El hard bop, me permitía eso, fricción, diálogo, riesgo, y poner a la banda frente a frente en el escenario o el estudio trajo esa honestidad sonora que buscaba.
-El disco dialoga con la tradición del jazz clásico pero también incorpora una fuerte impronta cinematográfica, con referencias explícitas a Bernard Herrmann. ¿Cómo convivieron esas influencias en el proceso compositivo?
-Fue un diálogo orgánico. La tradición del jazz me dio la estructura rítmica y armónica y lo cinematográfico aportó color, tensión y dramatismo.

Bernard Herrmann me inspiró en la orquestación de climas. Hay una fuerte influencia de Herrmann en el tema “Cositas para mejorar”), en la forma de construir suspenso y en el uso de motivos recurrentes.
En esa composición combiné el fraseo y la arquitectura del hard bop con arreglos y dinámicas que remiten a bandas sonoras, cuidando que la película interna del tema no rompiera la energía jazzística, que se aprecia en los solos de Santiago Kurchan y Julián López Di Muro
-La interacción entre los músicos y la energía del vivo parecen el corazón del álbum. ¿Cómo fue el trabajo colectivo con el quinteto durante la grabación y de qué manera cada integrante terminó de moldear el carácter final de "A sus formas"?
-El trabajo fue muy colectivo, ya desde los primeros ensayos, porque a diferencia de los otros discos, la gran mayoría del material lo veníamos tocando en vivo.
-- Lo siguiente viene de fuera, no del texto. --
(* Let $l\in(0,\pi)$, $\alpha>0$, $\delta\ge0$. For $a\in[0,\pi-l]$ let $u_J$ be the solution of the Robin problem with heat source $J=\delta+\chi_{I(a,l)}$. Then $$\max_{a\in[0,\pi-l]}\operatorname{osc}(u_J)=\Theta_\alpha(l,\delta).$$ Moreover, if $\alpha>\alpha_g$, then $\operatorname{osc}(u_J)$, as a function of $a$, increases as $a$ varies from $0$ to $a_0$ and decreases as $a$ varies from $a_0$ to $\pi-l$. If $0<\alpha\le\alpha_g$, then $\operatorname{osc}(u_J)$ increases as $a$ varies from $0$ to $\pi-l$.
   Context: Robin problem: for $\alpha>0$ and $f\in L^1[-\pi,\pi]$, find $u\in C^1[-\pi,\pi]$ with $u'$ absolutely continuous on $[-\pi,\pi]$, $-u''=f$ a.e. on $(-\pi,\pi)$, and $-u'(-\pi)+\alpha u(-\pi)=u'(\pi)+\alpha u(\pi)=0$. It has a unique solution $u_f(x)=\int_{-\pi}^{\pi}G(x,y)f(y)\,dy$, where $G(x,y)=-\tfrac12 c_\alpha xy-\tfrac12|x-y|+\tfrac{1}{2c_\alpha}$ and $c_\alpha=\alpha/(1+\alpha\pi)$. $I(a,l)=[a-l,a+l]$; $\chi_E$ is the characteristic function of $E$; $\operatorname{osc}(u)=\max_{[-\pi,\pi]}u-\min_{[-\pi,\pi]}u$. $a_0=\dfrac{(1+\delta)l}{(1+\alpha\pi)(\delta+2lc_\alpha-l^2c_\alpha^2)}$. If $(1+\delta)l>\delta(\pi-l)$, let $\alpha_0$ be the unique positive root of $$(\pi^2\delta+2\pi l-l^2)\alpha^2+\frac{2(\pi\delta+l)(\pi-l)-\pi l(1+\delta)}{\pi-l}\,\alpha+\delta-\frac{(1+\delta)l}{\pi-l}=0,$$ and set $\alpha_g=\alpha_0$. Otherwise set $\alpha_g=0$. $\Theta_\alpha(l,\delta)=\dfrac12\,\dfrac{(1+\delta)l^2}{(\pi^2\delta+2\pi l-l^2)\alpha^2+2(\pi\delta+l)\alpha+\delta}+\pi l+\dfrac{\pi^2\delta}{2}-\dfrac{l^2}{2}$ if $\alpha>\alpha_g$. $\Theta_\alpha(l,\delta)=\dfrac12\,\dfrac{(l^2c_\alpha^2-2lc_\alpha-\delta)(\pi-l)^2}{1+\delta}+\dfrac{l(\pi-l)}{1+\alpha\pi}+\pi l+\dfrac{\pi^2\delta}{2}-\dfrac{l^2}{2}$ if $0<\alpha\le\alpha_g$. *)

From Stdlib Require Import Reals.
From Coquelicot Require Import Coquelicot.
Open Scope R_scope.
(* Fix $\gamma\in(0,\pi/2)$ and set $v^2:=\dfrac{2\cos^2\gamma}{1+\cos^2\gamma}$ with $v>0$. Let $\mathcal U\subset\mathbb R^2$ be open, and let $T(\tau,\sigma)=\tau$ and $Y:\mathcal U\to\mathbb R^{D-1}$ be $C^2$ with $Y'^2>0$. Assume that on $\mathcal U$ $$\dot Y^2=\sin^2\gamma,\qquad Y'^2=\cos^2\gamma,\qquad (\dot Y,Y')=0 .$$ Then $(T,Y)$ satisfies the Euler–Lagrange equations of $L_{ns}$ on $\mathcal U$ if and only if $$v^2\,\ddot Y_i-Y''_i=0\qquad\text{for all } i=1,\dots,D-1 .$$
   Context: Coordinates on $\mathcal U$ are $(\tau,\sigma)$; dot and prime denote $\partial_\tau$, $\partial_\sigma$. For vectors in $\mathbb R^{D-1}$, $(\cdot,\cdot)$ is the Euclidean scalar product and $V^2=(V,V)$. Fix a constant $\rho>0$. Define $$A^2:=\dot T^2Y'^2+T'^2\dot Y^2-2\dot TT'(\dot Y,Y'),\qquad N:=\dot Y^2Y'^2-(\dot Y,Y')^2,$$ and the nonrelativistic string Lagrangian density (with $c=1$), regarded as a function of $(\dot T,T',\dot Y,Y')$ on the region $A^2>0$: $$L_{ns}:=\rho\Big[\frac{N}{2\sqrt{A^2}}-\sqrt{A^2}\Big].$$ The Euler–Lagrange equations of $L_{ns}$ are $$\partial_\tau\frac{\partial L_{ns}}{\partial\dot T}+\partial_\sigma\frac{\partial L_{ns}}{\partial T'}=0,\qquad \partial_\tau\frac{\partial L_{ns}}{\partial\dot Y^i}+\partial_\sigma\frac{\partial L_{ns}}{\partial Y'^i}=0\quad(i=1,\dots,D-1),$$ where the partial derivatives of $L_{ns}$ are evaluated along $(T,Y)$. *)

From Stdlib Require Import Reals List.
From Coquelicot Require Import Coquelicot.
Open Scope R_scope.

(* Components of vectors in R^(D-1) are indexed by i = 1, ..., D-1;
   a vector is a function nat -> R (values outside 1..D-1 are irrelevant). *)
Definition idx (D : nat) : list nat := List.seq 1 (D - 1).

Definition dotD (D : nat) (p q : nat -> R) : R :=
  fold_right Rplus 0 (map (fun i => p i * q i) (idx D)).

(* A^2 and N as functions of (Tdot, T', Ydot, Y') = (a, b, p, q). *)
Definition A2 (D : nat) (a b : R) (p q : nat -> R) : R :=
  a ^ 2 * dotD D q q + b ^ 2 * dotD D p p - 2 * a * b * dotD D p q.

Definition Nns (D : nat) (p q : nat -> R) : R :=
  dotD D p p * dotD D q q - (dotD D p q) ^ 2.

(* The nonrelativistic string Lagrangian density (c = 1). *)
Definition Lns (D : nat) (rho a b : R) (p q : nat -> R) : R :=
  rho * (Nns D p q / (2 * sqrt (A2 D a b p q)) - sqrt (A2 D a b p q)).

Definition upd (p : nat -> R) (i : nat) (x : R) : nat -> R :=
  fun j => if Nat.eqb j i then x else p j.

Definition dL_dTdot D rho a b p q := Derive (fun a' => Lns D rho a' b p q) a.
Definition dL_dTp D rho a b p q := Derive (fun b' => Lns D rho a b' p q) b.
Definition dL_dYdot D rho (i : nat) a b (p q : nat -> R) :=
  Derive (fun x => Lns D rho a b (upd p i x) q) (p i).
Definition dL_dYp D rho (i : nat) a b (p q : nat -> R) :=
  Derive (fun x => Lns D rho a b p (upd q i x)) (q i).

(* Partial derivatives d/dtau (dot) and d/dsigma (prime) of f(tau, sigma). *)
Definition dtau (f : R -> R -> R) (t s : R) : R := Derive (fun t' => f t' s) t.
Definition dsig (f : R -> R -> R) (t s : R) : R := Derive (fun s' => f t s') s.

Definition along (F : R -> R -> (nat -> R) -> (nat -> R) -> R)
  (T : R -> R -> R) (Y : nat -> R -> R -> R) (t s : R) : R :=
  F (dtau T t s) (dsig T t s) (fun j => dtau (Y j) t s) (fun j => dsig (Y j) t s).

Definition EulerLagrange (D : nat) (rho : R) (U : R * R -> Prop)
  (T : R -> R -> R) (Y : nat -> R -> R -> R) : Prop :=
  forall t s, U (t, s) ->
    dtau (along (dL_dTdot D rho) T Y) t s + dsig (along (dL_dTp D rho) T Y) t s = 0
    /\ forall i, In i (idx D) ->
       dtau (along (dL_dYdot D rho i) T Y) t s
       + dsig (along (dL_dYp D rho i) T Y) t s = 0.

Definition C1_on (U : R * R -> Prop) (f : R -> R -> R) : Prop :=
  forall t s, U (t, s) ->
    continuous (fun z : R * R => f (fst z) (snd z)) (t, s)
    /\ ex_derive (fun t' => f t' s) t
    /\ ex_derive (fun s' => f t s') s
    /\ continuous (fun z : R * R => dtau f (fst z) (snd z)) (t, s)
    /\ continuous (fun z : R * R => dsig f (fst z) (snd z)) (t, s).

Definition C2_on (U : R * R -> Prop) (f : R -> R -> R) : Prop :=
  C1_on U f /\ C1_on U (dtau f) /\ C1_on U (dsig f).

(* In the static gauge T = tau the constraints make A^2 = Y'^2 = cos^2 gamma and
   N = sin^2 gamma cos^2 gamma constant on U.  Hence dL/dTdot and dL/dT' are
   constant and the T equation holds identically, while, with c = cos gamma,
   dL/dYdot_i = rho c Ydot_i and dL/dY'_i = - rho (1 + c^2) / (2 c) Y'_i.  The
   Y equations are therefore the wave equation v^2 Ydd_i - Y''_i = 0 multiplied by
   the positive constant rho (1 + c^2) / (2 c). *)
From Stdlib Require Import Reals List Lra.
From Coquelicot Require Import Coquelicot.
Open Scope R_scope.

Lemma sum_map_if_eqb (l : list nat) (i : nat) (u : R) (v : nat -> R) :
  NoDup l -> In i l ->
  fold_right Rplus 0 (map (fun j => if Nat.eqb j i then u else v j) l)
  = fold_right Rplus 0 (map v l) - v i + u.
Proof.
  induction l as [|a l IH]; intros Hnd Hin; [destruct Hin|].
  inversion Hnd as [|? ? Ha Hnd']; subst; simpl.
  destruct (Nat.eqb a i) eqn:E.
  - apply Nat.eqb_eq in E; subst.
    rewrite (map_ext_in _ v); [ring|].
    intros j Hj. destruct (Nat.eqb j i) eqn:E'; [|reflexivity].
    apply Nat.eqb_eq in E'; subst; contradiction.
  - destruct Hin as [Hin|Hin].
    + subst. rewrite Nat.eqb_refl in E. discriminate.
    + rewrite IH by assumption. ring.
Qed.

Lemma dotD_ext D p p' q q' :
  (forall j, p j = p' j) -> (forall j, q j = q' j) -> dotD D p q = dotD D p' q'.
Proof.
  intros Hp Hq. unfold dotD. f_equal. apply map_ext. intro j. now rewrite Hp, Hq.
Qed.

Lemma dotD_upd D p q i x y : In i (idx D) ->
  dotD D (upd p i x) (upd q i y) = dotD D p q - p i * q i + x * y.
Proof.
  intro Hi. unfold dotD.
  rewrite (map_ext _ (fun j => if Nat.eqb j i then x * y else p j * q j)).
  - apply (sum_map_if_eqb _ _ _ (fun j => p j * q j)); [apply seq_NoDup | exact Hi].
  - intro j. unfold upd. now destruct (Nat.eqb j i).
Qed.

Lemma upd_id (q : nat -> R) i j : upd q i (q i) j = q j.
Proof.
  unfold upd. destruct (Nat.eqb j i) eqn:E; [apply Nat.eqb_eq in E; subst|]; reflexivity.
Qed.

Lemma dotD_upd_l D p q i x : In i (idx D) ->
  dotD D (upd p i x) q = dotD D p q - p i * q i + x * q i.
Proof.
  intro Hi. rewrite (dotD_ext D _ (upd p i x) _ (upd q i (q i))).
  - now apply dotD_upd.
  - reflexivity.
  - intro j. symmetry. apply upd_id.
Qed.

Lemma dotD_upd_r D p q i y : In i (idx D) ->
  dotD D p (upd q i y) = dotD D p q - p i * q i + p i * y.
Proof.
  intro Hi. rewrite (dotD_ext D _ (upd p i (p i)) _ (upd q i y)).
  - now apply dotD_upd.
  - intro j. symmetry. apply upd_id.
  - reflexivity.
Qed.

Definition Lns_dots (rho a b pp qq pq : R) : R :=
  rho * ((pp * qq - pq ^ 2) / (2 * sqrt (a ^ 2 * qq + b ^ 2 * pp - 2 * a * b * pq))
         - sqrt (a ^ 2 * qq + b ^ 2 * pp - 2 * a * b * pq)).

Lemma Lns_dotsE D rho a b p q :
  Lns D rho a b p q = Lns_dots rho a b (dotD D p p) (dotD D q q) (dotD D p q).
Proof. reflexivity. Qed.

(* After [auto_derive] every square root is taken of a polynomial equal to c^2. *)
Ltac sqrt_of_square c :=
  repeat match goal with
  | |- context [sqrt ?r] => replace r with (c * c) by ring; rewrite (sqrt_square c) by lra
  end.

Section StaticGaugeMomenta.

Variables (D : nat) (rho c : R) (P Q : nat -> R).
Hypothesis Hc : 0 < c.
Hypothesis HPP : dotD D P P = 1 - c ^ 2.
Hypothesis HQQ : dotD D Q Q = c ^ 2.
Hypothesis HPQ : dotD D P Q = 0.

Lemma dL_dTdot_static : dL_dTdot D rho 1 0 P Q = - rho * c * (3 - c ^ 2) / 2.
Proof.
  unfold dL_dTdot.
  rewrite (Derive_ext _ (fun a => Lns_dots rho a 0 (1 - c ^ 2) (c ^ 2) 0))
    by (intro; now rewrite Lns_dotsE, HPP, HQQ, HPQ).
  unfold Lns_dots.
  apply is_derive_unique. auto_derive; sqrt_of_square c.
  - repeat split; nra.
  - field. lra.
Qed.

Lemma dL_dTp_static : dL_dTp D rho 1 0 P Q = 0.
Proof.
  unfold dL_dTp.
  rewrite (Derive_ext _ (fun b => Lns_dots rho 1 b (1 - c ^ 2) (c ^ 2) 0))
    by (intro; now rewrite Lns_dotsE, HPP, HQQ, HPQ).
  unfold Lns_dots.
  apply is_derive_unique. auto_derive; sqrt_of_square c.
  - repeat split; nra.
  - field. lra.
Qed.

Lemma dL_dYdot_static i : In i (idx D) -> dL_dYdot D rho i 1 0 P Q = rho * c * P i.
Proof.
  intro Hi. unfold dL_dYdot.
  rewrite (Derive_ext _ (fun x => Lns_dots rho 1 0 (1 - c ^ 2 - P i * P i + x * x)
                                    (c ^ 2) (- P i * Q i + x * Q i))).
  2:{ intro x. rewrite Lns_dotsE, dotD_upd, dotD_upd_l, HPP, HQQ, HPQ by exact Hi.
      f_equal; ring. }
  unfold Lns_dots. apply is_derive_unique. auto_derive; sqrt_of_square c.
  - repeat split; nra.
  - field. lra.
Qed.

Lemma dL_dYp_static i : In i (idx D) ->
  dL_dYp D rho i 1 0 P Q = - (rho * (1 + c ^ 2) / (2 * c)) * Q i.
Proof.
  intro Hi. unfold dL_dYp.
  rewrite (Derive_ext _ (fun x => Lns_dots rho 1 0 (1 - c ^ 2)
                                    (c ^ 2 - Q i * Q i + x * x) (- P i * Q i + P i * x))).
  2:{ intro x. rewrite Lns_dotsE, dotD_upd, dotD_upd_r, HPP, HQQ, HPQ by exact Hi.
      f_equal; ring. }
  unfold Lns_dots. apply is_derive_unique. auto_derive; sqrt_of_square c.
  - repeat split; nra.
  - field. lra.
Qed.

End StaticGaugeMomenta.

Lemma open_slice_fst (U : R * R -> Prop) t s :
  open U -> U (t, s) -> locally t (fun t' => U (t', s)).
Proof.
  intros HU Hts. destruct (HU _ Hts) as [e He]. exists e. intros t' Ht'.
  apply He. split; [exact Ht' | apply ball_center].
Qed.

Lemma open_slice_snd (U : R * R -> Prop) t s :
  open U -> U (t, s) -> locally s (fun s' => U (t, s')).
Proof.
  intros HU Hts. destruct (HU _ Hts) as [e He]. exists e. intros s' Hs'.
  apply He. split; [apply ball_center | exact Hs'].
Qed.

Lemma Derive_locally_const (f : R -> R) x k :
  locally x (fun y => f y = k) -> Derive f x = 0.
Proof.
  intro Hf. rewrite (Derive_ext_loc f (fun _ => k)) by exact Hf. apply Derive_const.
Qed.

Lemma Derive_locally_scal (f g : R -> R) x k :
  locally x (fun y => f y = k * g y) -> Derive f x = k * Derive g x.
Proof.
  intro Hf. rewrite (Derive_ext_loc f (fun y => k * g y)) by exact Hf. apply Derive_scal.
Qed.

Lemma along_static_gauge F (Y : nat -> R -> R -> R) t s :
  along F (fun t _ => t) Y t s
  = F 1 0 (fun j => dtau (Y j) t s) (fun j => dsig (Y j) t s).
Proof. unfold along, dtau, dsig. now rewrite Derive_id, Derive_const. Qed.

Section StaticGaugeEquations.

Variables (D : nat) (rho c : R) (U : R * R -> Prop) (Y : nat -> R -> R -> R).
Hypothesis Hc : 0 < c.
Hypothesis HU : open U.
Hypothesis Hshell : forall t s, U (t, s) ->
  dotD D (fun j => dtau (Y j) t s) (fun j => dtau (Y j) t s) = 1 - c ^ 2
  /\ dotD D (fun j => dsig (Y j) t s) (fun j => dsig (Y j) t s) = c ^ 2
  /\ dotD D (fun j => dtau (Y j) t s) (fun j => dsig (Y j) t s) = 0.

Lemma EulerLagrange_T_static t s : U (t, s) ->
  dtau (along (dL_dTdot D rho) (fun t _ => t) Y) t s
  + dsig (along (dL_dTp D rho) (fun t _ => t) Y) t s = 0.
Proof.
  intro Hts. unfold dtau at 1, dsig at 1.
  rewrite (Derive_locally_const _ t (- rho * c * (3 - c ^ 2) / 2)).
  2:{ generalize (open_slice_fst U t s HU Hts); apply filter_imp; intros t' Ht'.
      destruct (Hshell _ _ Ht') as (HPP & HQQ & HPQ).
      rewrite along_static_gauge. now apply dL_dTdot_static. }
  rewrite (Derive_locally_const _ s 0); [ring|].
  generalize (open_slice_snd U t s HU Hts); apply filter_imp; intros s' Hs'.
  destruct (Hshell _ _ Hs') as (HPP & HQQ & HPQ).
  rewrite along_static_gauge. now apply (dL_dTp_static _ _ c).
Qed.

Lemma EulerLagrange_Y_static t s i : U (t, s) -> In i (idx D) ->
  dtau (along (dL_dYdot D rho i) (fun t _ => t) Y) t s
  + dsig (along (dL_dYp D rho i) (fun t _ => t) Y) t s
  = rho * (1 + c ^ 2) / (2 * c)
    * (2 * c ^ 2 / (1 + c ^ 2) * dtau (dtau (Y i)) t s - dsig (dsig (Y i)) t s).
Proof.
  intros Hts Hi. unfold dtau at 1, dsig at 1.
  rewrite (Derive_locally_scal _ (fun t' => dtau (Y i) t' s) t (rho * c)).
  2:{ generalize (open_slice_fst U t s HU Hts); apply filter_imp; intros t' Ht'.
      destruct (Hshell _ _ Ht') as (HPP & HQQ & HPQ).
      rewrite along_static_gauge. now apply dL_dYdot_static. }
  rewrite (Derive_locally_scal _ (fun s' => dsig (Y i) t s') s
             (- (rho * (1 + c ^ 2) / (2 * c)))).
  2:{ generalize (open_slice_snd U t s HU Hts); apply filter_imp; intros s' Hs'.
      destruct (Hshell _ _ Hs') as (HPP & HQQ & HPQ).
      rewrite along_static_gauge. now apply dL_dYp_static. }
  change (Derive (fun t' => dtau (Y i) t' s) t) with (dtau (dtau (Y i)) t s).
  change (Derive (fun s' => dsig (Y i) t s') s) with (dsig (dsig (Y i)) t s).
  field. split; nra.
Qed.

End StaticGaugeEquations.

Theorem mainTheorem5 (D : nat) (rho gamma : R) (U : R * R -> Prop)
  (Y : nat -> R -> R -> R) :
  0 < rho ->
  0 < gamma < PI / 2 ->
  open U ->
  (forall i, In i (idx D) -> C2_on U (Y i)) ->
  (forall t s, U (t, s) ->
     0 < dotD D (fun j => dsig (Y j) t s) (fun j => dsig (Y j) t s)) ->
  (forall t s, U (t, s) ->
     dotD D (fun j => dtau (Y j) t s) (fun j => dtau (Y j) t s) = (sin gamma) ^ 2
     /\ dotD D (fun j => dsig (Y j) t s) (fun j => dsig (Y j) t s) = (cos gamma) ^ 2
     /\ dotD D (fun j => dtau (Y j) t s) (fun j => dsig (Y j) t s) = 0) ->
  (EulerLagrange D rho U (fun t _ => t) Y <->
   forall t s, U (t, s) -> forall i, In i (idx D) ->
     (2 * (cos gamma) ^ 2 / (1 + (cos gamma) ^ 2)) * dtau (dtau (Y i)) t s
     - dsig (dsig (Y i)) t s = 0).
Proof.
  intros Hrho Hgamma HU _ _ Hconstr.
  assert (Hc : 0 < cos gamma) by (apply cos_gt_0; lra).
  assert (Hsin : sin gamma ^ 2 = 1 - cos gamma ^ 2).
  { pose proof (sin2 gamma) as Hsin2. unfold Rsqr in Hsin2. simpl. lra. }
  assert (Hshell : forall t s, U (t, s) ->
    dotD D (fun j => dtau (Y j) t s) (fun j => dtau (Y j) t s) = 1 - cos gamma ^ 2
    /\ dotD D (fun j => dsig (Y j) t s) (fun j => dsig (Y j) t s) = cos gamma ^ 2
    /\ dotD D (fun j => dtau (Y j) t s) (fun j => dsig (Y j) t s) = 0).
  { intros t s Hts. rewrite <- Hsin. exact (Hconstr t s Hts). }
  assert (Hk : 0 < rho * (1 + cos gamma ^ 2) / (2 * cos gamma))
    by (apply Rdiv_lt_0_compat; nra).
  pose proof (EulerLagrange_T_static D rho (cos gamma) U Y Hc HU Hshell) as HT.
  pose proof (EulerLagrange_Y_static D rho (cos gamma) U Y Hc HU Hshell) as HY.
  split.
  - intros HEL t s Hts i Hi.
    pose proof (proj2 (HEL t s Hts) i Hi) as HELi. rewrite HY in HELi by assumption.
    apply Rmult_integral in HELi. destruct HELi as [HELi|HELi]; [lra | exact HELi].
  - intros Hwave t s Hts. split; [now apply HT|].
    intros i Hi. rewrite HY, Hwave by assumption. ring.
Qed.
(* Let $\delta\in(0,1)$, let $X\subset\mathbb{R}_+$ be a Borel set with $0\in X$, let $x_0>0$, and let $\mathcal B_X=\{F_{(z,\sigma)}:z\in X,\sigma\in[0,1]\}$. For each decision rule $q=(q_0,q_1,q_2,\dots)$ there exists a stationary decision rule $\bar q$ (i.e. one with $\bar q_0=\bar q_1=\bar q_2=\cdots$) such that $R_{\bar q}(x_0,\mathcal B_X)\ge R_q(x_0,\mathcal B_X)$.
   Context: Binary search setting. A binary environment $F_{(z,\sigma)}$ ($z\in X$, $\sigma\in[0,1]$) generates i.i.d. alternatives $x_1,x_2,\dots$, each equal to $z$ with probability $\sigma$ and to $0$ with probability $1-\sigma$. The individual starts with outside option $x_0>0$; payoffs are discounted by $\delta$, and stopping at round $t$ yields $\delta^t\max\{x_0,\dots,x_t\}$ (never stopping yields $0$). A decision rule for binary environments is a sequence $q=(q_0,q_1,\dots)$ with $q_t\in[0,1]$: after a history in which the first $t$ alternatives all equal $0$ it stops with probability $q_t$, and after any history containing a nonzero alternative it stops with probability $1$. For an environment $F$ and history $h$, $U_q(F,h)$ is the expected discounted payoff from $h$ onward (payoff $\delta^{s-t}y_s$ when stopping at round $s$ after history $h_t$), and $V(F,h)$ is the supremum of such expected payoffs over all decision rules. An environment is consistent with a history $h_t=(x_0,\dots,x_t)$ if $x_1,\dots,x_t$ occurs with positive probability under it; a prior is a finitely supported distribution $\mu$ over $\mathcal B_X$, with $U_q(\mu,h)=\sum_F\mu(F\mid h)U_q(F,h)$ ($\mu(\cdot\mid h)$ the Bayesian posterior) and $V(\mu,h)=\sup U(\mu,h)$. The performance ratio is $R_q(x_0,\mathcal B_X)=\inf_h\inf_\mu U_q(\mu,h)/V(\mu,h)$, the infima over histories starting with $x_0$ and priors over $\mathcal B_X$ consistent with them. *)

From HB Require Import structures.
From mathcomp Require Import all_boot all_order all_algebra.
From mathcomp Require Import all_classical all_reals all_analysis.
Set Implicit Arguments. Unset Strict Implicit. Unset Printing Implicit Defensive.
Import Order.TTheory GRing.Theory Num.Theory.
Import numFieldNormedType.Exports.
Local Open Scope classical_set_scope.
Local Open Scope ring_scope.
La maduración fue bastante orgánica y no tan ''impuesta'' por el compositor.

También ensayamos mucho en formato de quinteto y grabamos en vivo para capturar la reacción inmediata entre nosotros. Cada músico trae consigo su propia ‘’voz’’ (timing, color tímbrico, decisiones en los solos).
Eso reconfiguró las composiciones que yo originalmente les había traído: solos que cambiaron la forma, respuestas rítmicas que empujaron la intensidad, y pequeños detalles de fraseo que terminaron marcando el carácter del disco. El producto final es tanto mío como de ellos.
-A lo largo del disco aparecen cruces entre jazz, folclore sudamericano y una mirada contemporánea muy personal. Después de un recorrido que incluye Nueva York, Boston y Buenos Aires, ¿sentís que este álbum sintetiza una etapa de madurez en tu identidad como compositor y bajista?
-Sí. Después de tantas ciudades y experiencias (Atlanta, Boston, Nueva York, Buenos Aires) siento que "A sus formas" sintetiza una etapa de maduración.
Reúne intereses previos (mis primeros acercamientos al bajo eléctrico y al contra, tradición e idiomatismos de la música latinoamericana y del jazz argentino también) pero con una mirada más concentrada y personal.

Como compositor y contrabajista encontré una voz más segura: escribir para la banda, saber cuándo dejar espacio y también incorporar referencias folclóricas y contemporáneas sin perder la claridad del discurso jazzístico. Esas vendrían a ser, en este caso, y en este momento, nuestras ‘’formas’’.